The Government recognise this need, and they gave us a commitment. In the debate today, people have said that we need more than commitments; we need action. The commitment was very clear. The NHS Long Term Plan said: “By 2023/24”—which I think is now—
“all women will be able to access their maternity notes and information through their smart phones or other devices”.
I hope that the Minister can update us on where we are with this target, whether we are likely to reach it and what issues are surfacing. It is normal that things surface during the rollout process, but I would be interested to hear what issues are surfacing and what action the Government are taking to address those.
The third area I will address is maternity electronic health records. I have been looking at this because of an alert issued by NHS England at the end of last year about one of the systems used for managing patient records across several NHS maternity units. It was found that the system could overwrite records, which produces significant safety risks. Here is an area where I praise NHS England—as a board member, the noble Baroness, Lady Watkins, can take this back to it—as the issue was picked up, due processes were followed and an alert was issued to every trust using the system, warning them about it and making sure they put remedial measures in place. I also thank the Minister and his staff for producing a very comprehensive response to queries I made around this.
This prompted questions about the information flow in maternity care generally between GPs, hospital trusts’ general systems and these specialist maternity systems. It seems that we have ended up with a complex jigsaw of different systems handling patient records, which makes life more difficult. I would be interested in whether the Minister thinks information is flowing effectively in the context of maternity services, given that we often seem to have created dedicated systems for maternity services that may not be connected to the other systems.

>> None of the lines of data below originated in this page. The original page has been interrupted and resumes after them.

(* Let $A$ be a commutative ring, $r,d\ge1$, $B=A[x_1,\dots,x_r]$, let $k\ge1$ and $\alpha\in\mathbb{N}^r\setminus\{0\}$ with $\gcd(\alpha)$ invertible in $A$. If $k|\alpha|\le d$, then $\gamma^k(x^\alpha)\times\gamma^{d-k}(1)\notin\Gamma^d_A(B)_{<k\alpha}$.
   Context: $\Gamma^d_A(B)$ is identified with $\mathrm{TS}^d_A(B)=(B^{\otimes_A d})^{\mathfrak S_d}$ (componentwise multiplication). For a monomial $f$, $\gamma^k(f)\times\gamma^{d-k}(1)=\sum_{S\subseteq\{1..d\},|S|=k}\bigotimes_{j}f_j$ with $f_j=f$ for $j\in S$, $f_j=1$ otherwise. $B^{\otimes d}$ is $\mathbb{N}^r$-graded by giving $x^{\beta_1}\otimes\dots\otimes x^{\beta_d}$ multidegree $\beta_1+\dots+\beta_d$. $\beta<\gamma$ means $\beta\le\gamma$ componentwise and $\beta\neq\gamma$; $\Gamma^d_A(B)_{<\gamma}$ is the $A$-subalgebra generated by homogeneous elements of multidegree $<\gamma$. *)

From HB Require Import structures.
From mathcomp Require Import all_boot all_order all_algebra all_fingroup.
From mathcomp Require Import mpoly.
Set Implicit Arguments. Unset Strict Implicit. Unset Printing Implicit Defensive.
Import GRing.Theory.
Local Open Scope ring_scope.

(* B^{(x)_A d} is modelled as the polynomial
   ring in the d*r variables x_{j,i} (j : 'I_d the tensor slot, i : 'I_r),
   i.e. x^{b_1} (x) ... (x) x^{b_d}  <->  prod_j prod_i x_{j,i}^{b_j i}. *)

Definition nvar (d r : nat) : nat := #|{: 'I_d * 'I_r}|.

Notation tensB A d r := {mpoly A[nvar d r]}.

(* the variable x_{j,i}, i.e. 1 (x) .. (x) x_i (x) .. (x) 1 (x_i in slot j) *)
Definition tvar (A : nzRingType) (d r : nat) (j : 'I_d) (i : 'I_r) : tensB A d r :=
  'X_(enum_rank (j, i)).

Definition slot_perm (A : nzRingType) (d r : nat) (s : 'S_d) (p : tensB A d r)
  : tensB A d r :=
  mmap (@mpolyC _ A)
    (fun k : 'I_(nvar d r) => @tvar A d r (s (enum_val k).1) (enum_val k).2) p.

Definition symmetric_tensor (A : nzRingType) (d r : nat) (p : tensB A d r) : Prop :=
  forall s : 'S_d, slot_perm s p = p.

Definition tmdeg (d r : nat) (m : 'X_{1..nvar d r}) : 'X_{1..r} :=
  [multinom (\sum_(j < d) m (enum_rank (j, i)))%N | i < r].

Definition thomog (A : nzRingType) (d r : nat) (beta : 'X_{1..r}) (p : tensB A d r)
  : Prop :=
  forall m, m \in msupp p -> tmdeg m = beta.

Definition mlt (r : nat) (beta gamma : 'X_{1..r}) : bool :=
  [forall i, (beta i <= gamma i)%N] && (beta != gamma).

Inductive subalg_gen (A : nzRingType) (n : nat) (S : {mpoly A[n]} -> Prop)
  : {mpoly A[n]} -> Prop :=
| sg_const (a : A) : subalg_gen S a%:MP
| sg_gen p : S p -> subalg_gen S p
| sg_add p q : subalg_gen S p -> subalg_gen S q -> subalg_gen S (p + q)
| sg_mul p q : subalg_gen S p -> subalg_gen S q -> subalg_gen S (p * q).

Definition Gamma_lt (A : nzRingType) (d r : nat) (gamma : 'X_{1..r})
  : tensB A d r -> Prop :=
  subalg_gen (fun p => symmetric_tensor p /\
                 exists beta, thomog beta p /\ mlt beta gamma).

Definition slot_mono (A : nzRingType) (d r : nat) (j : 'I_d) (alpha : 'X_{1..r})
  : tensB A d r :=
  \prod_(i < r) @tvar A d r j i ^+ alpha i.

Definition gamma_prod (A : nzRingType) (d r k : nat) (alpha : 'X_{1..r})
  : tensB A d r :=
  \sum_(S : {set 'I_d} | #|S| == k) \prod_(j in S) @slot_mono A d r j alpha.

Definition mscale (r k : nat) (alpha : 'X_{1..r}) : 'X_{1..r} :=
  [multinom (k * alpha i)%N | i < r].

From HB Require Import structures.
From mathcomp Require Import all_boot all_order all_algebra all_fingroup.
From mathcomp Require Import mpoly zify.
Set Implicit Arguments. Unset Strict Implicit. Unset Printing Implicit Defensive.
Import GRing.Theory.
Local Open Scope ring_scope.

(* Since gcd(alpha) is invertible, some alpha_i0 is nonzero in A.  Consider the
   A-linear form L on B^{(x)d} sending a tensor monomial x^{b_1} (x) ... (x) x^{b_d}
   to (-1)^l (b_1)_i0 when b_1 + ... + b_d = k alpha and b_1, ..., b_l are exactly
   the nonzero factors, and to 0 otherwise.  The degree condition makes L vanish on
   constants and on homogeneous elements of degree < k alpha, and L is nonzero on
   gamma^k(x^alpha) x gamma^{d-k}(1), where it equals (-1)^k alpha_i0.  The heart
   of the proof is that L(uv) = 0 for symmetric u, v without constant term, so
   that L vanishes on the whole algebra Gamma^d_A(B)_{<k alpha}.  Splitting
   (b_1 + b'_1)_i0 = (b_1)_i0 + (b'_1)_i0 writes L(uv) as two sums over pairs of
   monomials, and each vanishes by a sign-reversing involution: at the first slot
   h occupied by the second monomial, either split slot h of the sum into two
   consecutive slots, or merge it back with slot h - 1.  This changes l by one,
   and the symmetry of u and v makes the coefficients agree.  The hypothesis
   k |alpha| <= d guarantees that a free slot is available for the split. *)

Lemma sum_sign_reversing (V : zmodType) (T : finType) (G Q : pred T)
    (f g : T -> T) (W : T -> V) :
  (forall x, ~~ G x -> W x = 0) ->
  (forall x, G x -> Q x -> [/\ G (f x), ~~ Q (f x), g (f x) = x & W (f x) = - W x]) ->
  (forall y, G y -> ~~ Q y -> [/\ G (g y), Q (g y) & f (g y) = y]) ->
  \sum_x W x = 0.
Proof.
move=> W0 fP gP; rewrite (bigID G) /= [X in _ + X]big1 ?addr0; last by move=> x /W0.
rewrite (bigID Q) /= [X in _ + X](reindex_onto f g) /=; last first.
  by move=> y /andP[Gy Qy]; have [_ _ ->] := gP y Gy Qy.
rewrite [X in _ + X](eq_big (fun x => G x && Q x) (fun x => - W x)) ?sumrN ?subrr //.
  move=> x; apply/idP/idP => [/andP[/andP[Gfx Qfx] /eqP <-]|/andP[Gx Qx]].
    by have [-> ->] := gP _ Gfx Qfx.
  by have [-> -> -> _] := fP x Gx Qx; rewrite eqxx.
move=> x /andP[/andP[Gfx Qfx] /eqP fxK].
have [] := gP _ Gfx Qfx; rewrite fxK => Gx Qx _.
by have [_ _ _ ->] := fP x Gx Qx.
Qed.

Lemma natr_big_gcdn_eq0 (R : pzSemiRingType) (I : finType) (F : I -> nat) :
  (forall i, (F i)%:R = 0 :> R) -> (\big[gcdn/0%N]_i F i)%:R = 0 :> R.
Proof.
move=> F0; apply: (big_ind (fun x : nat => x%:R = 0 :> R)) => // a b a0 b0.
have [->|a_gt0] := posnP a; first by rewrite gcd0n.
have [u v Bezout _] := egcdnP b a_gt0.
by move/(congr1 (fun x : nat => x%:R : R)): Bezout; rewrite !natrD !natrM a0 b0 !mulr0 add0r.
Qed.

Lemma card_ord_lt (d l : nat) : (l <= d)%N -> #|[pred j : 'I_d | (j < l)%N]| = l.
Proof.
move=> ld; rewrite -sum1_card.
rewrite (eq_bigl (fun j : 'I_d => true && (j < l)%N)) // (big_ord_narrow_cond ld).
by rewrite sum1_card card_ord.
Qed.

Section Slots.
Variables d r : nat.
Local Notation N := (nvar d r).
Implicit Types (m : 'X_{1..N}) (F : 'I_d -> 'X_{1..r}).

Definition slot m (j : 'I_d) : 'X_{1..r} := [multinom m (enum_rank (j, i)) | i < r].

Definition of_slots F : 'X_{1..N} := [multinom F (enum_val k).1 (enum_val k).2 | k < N].

Lemma slot_of_slots F j : slot (of_slots F) j = F j.
Proof. by apply/mnmP=> i; rewrite !mnmE enum_rankK. Qed.

Lemma slot_inj m1 m2 : slot m1 =1 slot m2 -> m1 = m2.
Proof.
move=> eq12; apply/mnmP=> k; have /mnmP/(_ (enum_val k).2) := eq12 (enum_val k).1.
by rewrite !mnmE -surjective_pairing enum_valK.
Qed.

Lemma slotD m1 m2 j : slot (m1 + m2) j = (slot m1 j + slot m2 j)%MM.
Proof. by apply/mnmP=> i; rewrite !(mnmE, mnmDE). Qed.

Lemma slot0 j : slot 0%MM j = 0%MM.
Proof. by apply/mnmP=> i; rewrite !mnmE. Qed.

Lemma tmdegE m : tmdeg m = (\sum_(j < d) slot m j)%MM.
Proof. by apply/mnmP=> i; rewrite mnmE mnm_sumE; apply: eq_bigr=> j _; rewrite mnmE. Qed.

Lemma tmdegD m1 m2 : tmdeg (m1 + m2) = (tmdeg m1 + tmdeg m2)%MM.
Proof. by rewrite !tmdegE -big_split; apply: eq_bigr=> j _; rewrite slotD. Qed.

Lemma mdeg_slots m : mdeg m = (\sum_(j < d) mdeg (slot m j))%N.
Proof.
rewrite mdegE (reindex (@enum_rank ('I_d * 'I_r)%type)) /=; last first.
  by exists enum_val=> x _; rewrite ?enum_rankK ?enum_valK.
rewrite (eq_bigr (fun p => m (enum_rank (p.1, p.2)))) => [|[] //].
rewrite -(pair_bigA _ (fun j i => m (enum_rank (j, i)))) /=.
by apply: eq_bigr=> j _; rewrite mdegE; apply: eq_bigr=> i _; rewrite mnmE.
Qed.

Lemma mdeg_tmdeg m : mdeg (tmdeg m) = mdeg m.
Proof. by rewrite tmdegE mdeg_sum mdeg_slots. Qed.

Definition mperm (s : 'S_d) m : 'X_{1..N} := of_slots (fun j => slot m (s j)).

Lemma slot_mperm s m j : slot (mperm s m) j = slot m (s j).
Proof. exact: slot_of_slots. Qed.

Lemma mpermK s : cancel (mperm s) (mperm (s^-1)%g).
Proof. by move=> m; apply: slot_inj=> j; rewrite !slot_mperm permKV. Qed.

Lemma mperm0 s : mperm s 0%MM = 0%MM.
Proof. by apply: slot_inj=> j; rewrite slot_mperm !slot0. Qed.

Lemma mperm_eq0 s m : (mperm s m == 0%MM) = (m == 0%MM).
Proof. by apply/eqP/eqP=> [/(congr1 (mperm (s^-1)%g))|->]; rewrite ?mpermK mperm0. Qed.

Lemma mdeg_mperm s m : mdeg (mperm s m) = mdeg m.
Proof.
rewrite [LHS]mdeg_slots [RHS]mdeg_slots [RHS](reindex_inj (@perm_inj _ s)) /=.
by apply: eq_bigr=> j _; rewrite slot_mperm.
Qed.

Lemma tmdeg_mperm s m : tmdeg (mperm s m) = tmdeg m.
Proof.
rewrite !tmdegE [RHS](reindex_inj (@perm_inj _ s)) /=.
by apply: eq_bigr=> j _; rewrite slot_mperm.
Qed.

End Slots.

Section SymmetricTensors.
Variables (A : comNzRingType) (d r : nat).
Local Notation N := (nvar d r).

HB.instance Definition _ (s : 'S_d) := GRing.RMorphism.copy (@slot_perm A d r s)
  (mmap (@mpolyC _ A) (fun k : 'I_N => @tvar A d r (s (enum_val k).1) (enum_val k).2)).

Lemma slot_permC (s : 'S_d) (a : A) : slot_perm s (a%:MP : tensB A d r) = a%:MP.
Proof. exact: mmapC. Qed.

Lemma slot_permX (s : 'S_d) (m : 'X_{1..N}) :
  slot_perm s ('X_[m] : tensB A d r) = 'X_[mperm (s^-1)%g m].
Proof.
rewrite /slot_perm mmapX /mmap1 /tvar [RHS]mpolyXE_id.
pose sig (k : 'I_N) := enum_rank (s (enum_val k).1, (enum_val k).2).
pose sig' (k : 'I_N) := enum_rank ((s^-1)%g (enum_val k).1, (enum_val k).2).
have sigK : cancel sig sig'.
  by move=> k; rewrite /sig /sig' enum_rankK /= permK -surjective_pairing enum_valK.
rewrite [RHS](reindex_inj (can_inj sigK)); apply: eq_bigr=> k _.
by rewrite !mnmE /sig enum_rankK /= permK -surjective_pairing enum_valK.
Qed.

Lemma mcoeff_mperm (p : tensB A d r) s m :
  symmetric_tensor p -> p@_(mperm s m) = p@_m.
Proof.
move=> /(_ (s^-1)%g) {1}<-; rewrite {1}(mpolyE p) rmorph_sum [in RHS](mpolyE p) !raddf_sum.
apply: eq_bigr=> m' _; rewrite -mul_mpolyC rmorphM /= slot_permX invgK.
rewrite slot_permC !mcoeffCM !mcoeffX.
by rewrite (inj_eq (can_inj (mpermK s))).
Qed.

End SymmetricTensors.

Section SlotCombinatorics.
Variables n r : nat.
Local Notation d := n.+1.
Local Notation N := (nvar d r).
Implicit Types (m : 'X_{1..N}) (p j : nat).

(* Applied to a monomial whose last slot is empty, [ins_slot p] inserts an empty
   slot at position p; [del_slot p] removes the empty slot at position p. *)
Definition ins_index p j : nat := if (j < p)%N then j else if j == p then n else j.-1.
Definition del_index p j : nat := if (j < p)%N then j else if j == n then p else j.+1.

Ltac index_cases := rewrite /ins_index /del_index; (repeat case: ifP); move=> *; lia.

Lemma ins_index_le p j : (j <= n)%N -> (ins_index p j <= n)%N.
Proof. index_cases. Qed.

Lemma del_index_le p j : (j <= n)%N -> (del_index p j <= n)%N.
Proof. index_cases. Qed.

Lemma ins_indexK p j : (j <= n)%N -> del_index p (ins_index p j) = j.
Proof. index_cases. Qed.

Lemma del_indexK p j : (j <= n)%N -> ins_index p (del_index p j) = j.
Proof. index_cases. Qed.

Definition ins_ord p (j : 'I_d) : 'I_d := inord (ins_index p j).
Definition del_ord p (j : 'I_d) : 'I_d := inord (del_index p j).

Lemma ins_ordK p : cancel (ins_ord p) (del_ord p).
Proof.
move=> j; have jn : (j <= n)%N := ltn_ord j.
have ins_n := ins_index_le p jn.
by apply: val_inj; rewrite /ins_ord /del_ord /= !inordK // ins_indexK.
Qed.

Lemma del_ordK p : cancel (del_ord p) (ins_ord p).
Proof.
move=> j; have jn : (j <= n)%N := ltn_ord j.
have del_n := del_index_le p jn.
by apply: val_inj; rewrite /ins_ord /del_ord /= !inordK // del_indexK.
Qed.

Definition ins_slot p : 'S_d := perm (can_inj (ins_ordK p)).
Definition del_slot p : 'S_d := perm (can_inj (del_ordK p)).

Definition slotn m j : 'X_{1..r} := slot m (inord j).

Lemma slotn_ord m (j : 'I_d) : slotn m j = slot m j.
Proof. by rewrite /slotn inord_val. Qed.

Lemma slotn0 m : slotn m 0 = slot m ord0.
Proof. exact: (slotn_ord m ord0). Qed.

Lemma slotnD_eq0 m1 m2 j :
  (slotn (m1 + m2) j != 0%MM) = (slotn m1 j != 0%MM) || (slotn m2 j != 0%MM).
Proof. by rewrite /slotn slotD mnmD_eq0 negb_and. Qed.

Lemma slotn_inj m1 m2 : (forall j, (j <= n)%N -> slotn m1 j = slotn m2 j) -> m1 = m2.
Proof.
move=> eq12; apply: slot_inj=> j; have jn : (j <= n)%N := ltn_ord j.
by rewrite -!slotn_ord eq12.
Qed.

Lemma slotn_ins m p j :
  (j <= n)%N -> slotn (mperm (ins_slot p) m) j = slotn m (ins_index p j).
Proof. by move=> jn; rewrite /slotn slot_mperm permE /ins_ord inordK. Qed.

Lemma slotn_del m p j :
  (j <= n)%N -> slotn (mperm (del_slot p) m) j = slotn m (del_index p j).
Proof. by move=> jn; rewrite /slotn slot_mperm permE /del_ord inordK. Qed.

Lemma mperm_insK p m : mperm (del_slot p) (mperm (ins_slot p) m) = m.
Proof. by apply: slotn_inj=> j jn; rewrite slotn_del // slotn_ins ?del_indexK ?del_index_le. Qed.

Lemma mperm_delK p m : mperm (ins_slot p) (mperm (del_slot p) m) = m.
Proof. by apply: slotn_inj=> j jn; rewrite slotn_ins // slotn_del ?ins_indexK ?ins_index_le. Qed.

Definition nslots m : nat := #|[pred j : 'I_d | slot m j != 0%MM]|.

Definition slots_prefix m : bool :=
  [forall j : 'I_d, (slot m j != 0%MM) == (j < nslots m)%N].

Lemma nslots_le m : (nslots m <= d)%N.
Proof. by rewrite /nslots (leq_trans (max_card _)) ?card_ord. Qed.

Lemma slots_prefixP m : slots_prefix m ->
  forall j, (j <= n)%N -> (slotn m j != 0%MM) = (j < nslots m)%N.
Proof. by move=> /forallP pm j jn; have /eqP := pm (inord j); rewrite inordK. Qed.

From the patient’s point of view, you want one integrated view of your care—before you became pregnant, during your pregnancy and postnatally—yet because we have different systems, that integration may not be taking place. That is a special challenge because the data is held by different entities. It is the classic NHS challenge that different entities have bought their own bits of this jigsaw puzzle and nobody is responsible, as far as I can understand it, for putting the pieces together.
I was also interested in this in the context of the question raised by the noble Baroness, Lady Gohir, about data collection. I suspect that some bits of this jigsaw will be collecting the data that we are looking for, but other bits may not be, yet because of the way the systems are structured, that may not be joined up, which would be a real shame. It is one thing if we have not collected the data, but it is quite something else if we have collected it but we cannot use it because it is in the wrong bit and has not been connected to the right bit.
I appreciated hearing all the experiences that noble Lords have brought to this debate and I hope my somewhat geeky contribution has flagged some issues that could contribute positively to keeping up the standards of our maternity services. If noble Lords in future find me on the Terrace staring wistfully across the river at St Thomas’, they will know that I am just having a moment.